[Opening RECORDS section]

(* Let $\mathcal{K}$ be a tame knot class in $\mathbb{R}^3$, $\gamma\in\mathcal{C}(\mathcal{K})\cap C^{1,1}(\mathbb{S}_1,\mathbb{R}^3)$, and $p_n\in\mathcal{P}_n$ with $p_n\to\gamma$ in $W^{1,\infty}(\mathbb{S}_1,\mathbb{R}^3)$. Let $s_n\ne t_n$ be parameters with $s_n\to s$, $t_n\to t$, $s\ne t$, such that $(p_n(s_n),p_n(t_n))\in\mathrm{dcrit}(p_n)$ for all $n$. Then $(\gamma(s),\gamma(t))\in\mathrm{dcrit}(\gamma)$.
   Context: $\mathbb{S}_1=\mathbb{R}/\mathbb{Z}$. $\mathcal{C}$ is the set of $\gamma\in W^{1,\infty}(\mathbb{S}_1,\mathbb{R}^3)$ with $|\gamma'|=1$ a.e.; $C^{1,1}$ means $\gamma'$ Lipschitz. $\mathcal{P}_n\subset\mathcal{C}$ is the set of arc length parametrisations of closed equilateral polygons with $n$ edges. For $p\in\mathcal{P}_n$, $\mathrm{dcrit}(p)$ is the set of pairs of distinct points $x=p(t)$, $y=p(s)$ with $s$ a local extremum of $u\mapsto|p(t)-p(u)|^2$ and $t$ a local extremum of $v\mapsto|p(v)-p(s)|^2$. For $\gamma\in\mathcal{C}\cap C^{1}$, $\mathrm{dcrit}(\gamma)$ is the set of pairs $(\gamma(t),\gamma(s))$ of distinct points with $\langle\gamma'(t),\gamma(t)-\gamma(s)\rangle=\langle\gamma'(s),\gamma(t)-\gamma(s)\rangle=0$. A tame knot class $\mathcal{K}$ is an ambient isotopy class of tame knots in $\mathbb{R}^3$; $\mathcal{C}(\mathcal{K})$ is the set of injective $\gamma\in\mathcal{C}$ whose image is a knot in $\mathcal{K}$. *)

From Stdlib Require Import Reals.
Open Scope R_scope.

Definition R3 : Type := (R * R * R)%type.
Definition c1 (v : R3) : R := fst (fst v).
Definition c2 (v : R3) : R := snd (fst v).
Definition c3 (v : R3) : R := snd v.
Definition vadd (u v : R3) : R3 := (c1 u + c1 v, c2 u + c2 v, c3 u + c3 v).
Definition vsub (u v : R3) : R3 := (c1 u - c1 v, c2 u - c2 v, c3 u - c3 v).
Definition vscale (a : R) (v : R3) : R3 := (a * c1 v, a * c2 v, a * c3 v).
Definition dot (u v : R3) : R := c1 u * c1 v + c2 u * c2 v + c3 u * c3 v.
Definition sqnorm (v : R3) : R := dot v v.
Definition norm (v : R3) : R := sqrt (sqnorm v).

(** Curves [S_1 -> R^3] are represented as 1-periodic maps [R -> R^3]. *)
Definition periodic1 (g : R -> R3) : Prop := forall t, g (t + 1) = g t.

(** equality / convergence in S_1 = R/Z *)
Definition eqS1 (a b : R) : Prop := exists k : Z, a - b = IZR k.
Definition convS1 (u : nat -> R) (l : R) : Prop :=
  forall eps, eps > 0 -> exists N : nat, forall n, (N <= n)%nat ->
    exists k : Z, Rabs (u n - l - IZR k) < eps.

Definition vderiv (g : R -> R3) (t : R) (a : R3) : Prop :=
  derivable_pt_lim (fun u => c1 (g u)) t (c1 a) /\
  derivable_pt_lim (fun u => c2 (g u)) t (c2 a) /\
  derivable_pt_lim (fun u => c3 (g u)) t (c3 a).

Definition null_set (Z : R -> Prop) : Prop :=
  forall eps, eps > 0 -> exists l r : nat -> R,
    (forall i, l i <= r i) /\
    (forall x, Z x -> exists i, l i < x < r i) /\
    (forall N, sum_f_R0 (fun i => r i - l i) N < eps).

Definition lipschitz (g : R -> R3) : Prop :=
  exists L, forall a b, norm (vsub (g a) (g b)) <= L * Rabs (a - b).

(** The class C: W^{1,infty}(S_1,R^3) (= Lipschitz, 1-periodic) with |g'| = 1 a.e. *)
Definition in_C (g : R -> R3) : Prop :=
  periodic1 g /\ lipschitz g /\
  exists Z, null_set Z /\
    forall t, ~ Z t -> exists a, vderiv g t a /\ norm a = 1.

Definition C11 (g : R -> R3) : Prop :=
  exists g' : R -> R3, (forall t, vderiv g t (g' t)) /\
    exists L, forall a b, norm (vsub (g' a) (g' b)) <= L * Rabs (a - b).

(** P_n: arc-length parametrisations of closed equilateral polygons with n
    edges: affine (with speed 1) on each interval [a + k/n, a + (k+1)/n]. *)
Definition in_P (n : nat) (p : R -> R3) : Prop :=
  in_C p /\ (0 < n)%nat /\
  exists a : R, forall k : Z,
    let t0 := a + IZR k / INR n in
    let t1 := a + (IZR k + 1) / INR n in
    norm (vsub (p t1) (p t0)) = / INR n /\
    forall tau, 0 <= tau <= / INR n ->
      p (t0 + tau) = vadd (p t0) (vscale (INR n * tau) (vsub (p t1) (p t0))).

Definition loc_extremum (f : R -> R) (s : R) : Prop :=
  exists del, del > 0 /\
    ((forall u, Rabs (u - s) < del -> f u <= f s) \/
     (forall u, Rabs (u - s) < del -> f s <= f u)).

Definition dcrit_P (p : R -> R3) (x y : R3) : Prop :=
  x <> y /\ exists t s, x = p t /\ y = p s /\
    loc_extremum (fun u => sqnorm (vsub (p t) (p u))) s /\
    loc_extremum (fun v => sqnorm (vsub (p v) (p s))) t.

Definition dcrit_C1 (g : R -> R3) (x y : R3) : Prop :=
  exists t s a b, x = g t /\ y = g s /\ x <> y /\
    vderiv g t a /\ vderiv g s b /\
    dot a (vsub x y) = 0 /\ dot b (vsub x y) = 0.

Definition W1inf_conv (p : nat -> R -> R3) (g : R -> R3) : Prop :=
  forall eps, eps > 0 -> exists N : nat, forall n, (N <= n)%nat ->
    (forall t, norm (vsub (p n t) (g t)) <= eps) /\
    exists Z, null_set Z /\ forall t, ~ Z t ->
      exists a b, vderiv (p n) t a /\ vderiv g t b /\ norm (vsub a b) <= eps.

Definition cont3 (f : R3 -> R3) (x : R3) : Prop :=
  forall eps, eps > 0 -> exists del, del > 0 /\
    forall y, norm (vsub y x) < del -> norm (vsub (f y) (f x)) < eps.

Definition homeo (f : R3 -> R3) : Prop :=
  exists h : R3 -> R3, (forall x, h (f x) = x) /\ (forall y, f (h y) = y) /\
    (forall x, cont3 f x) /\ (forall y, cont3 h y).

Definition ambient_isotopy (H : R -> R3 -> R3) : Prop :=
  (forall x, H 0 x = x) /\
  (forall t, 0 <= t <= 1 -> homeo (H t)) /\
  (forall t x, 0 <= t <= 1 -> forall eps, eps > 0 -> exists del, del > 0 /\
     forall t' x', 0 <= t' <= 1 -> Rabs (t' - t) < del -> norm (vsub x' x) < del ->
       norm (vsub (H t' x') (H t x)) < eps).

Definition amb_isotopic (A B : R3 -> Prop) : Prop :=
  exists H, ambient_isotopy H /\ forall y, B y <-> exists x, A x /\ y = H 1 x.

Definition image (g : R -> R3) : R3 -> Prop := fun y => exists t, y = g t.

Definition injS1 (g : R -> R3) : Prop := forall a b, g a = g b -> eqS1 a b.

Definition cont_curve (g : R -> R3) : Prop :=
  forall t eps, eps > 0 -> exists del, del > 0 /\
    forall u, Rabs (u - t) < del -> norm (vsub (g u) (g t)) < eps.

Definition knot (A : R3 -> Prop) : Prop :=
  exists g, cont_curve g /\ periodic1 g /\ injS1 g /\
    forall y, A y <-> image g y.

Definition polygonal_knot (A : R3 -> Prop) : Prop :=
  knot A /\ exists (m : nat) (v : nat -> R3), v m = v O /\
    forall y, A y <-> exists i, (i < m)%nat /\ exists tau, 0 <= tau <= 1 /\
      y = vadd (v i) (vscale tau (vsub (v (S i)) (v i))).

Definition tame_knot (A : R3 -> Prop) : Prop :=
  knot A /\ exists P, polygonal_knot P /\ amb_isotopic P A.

[Closing RECORDS section]

→ TASK REQUIREMENTS
Of all the entries above, output exactly the lines between the one holding "Definition c3 (v : R3) : R := snd v." and the one holding "Definition vsub (u", inclusive.

→ SOLUTION TO THE PROBLEM
Definition c3 (v : R3) : R := snd v.
Definition vadd (u v : R3) : R3 := (c1 u + c1 v, c2 u + c2 v, c3 u + c3 v).
Definition vsub (u v : R3) : R3 := (c1 u - c1 v, c2 u - c2 v, c3 u - c3 v).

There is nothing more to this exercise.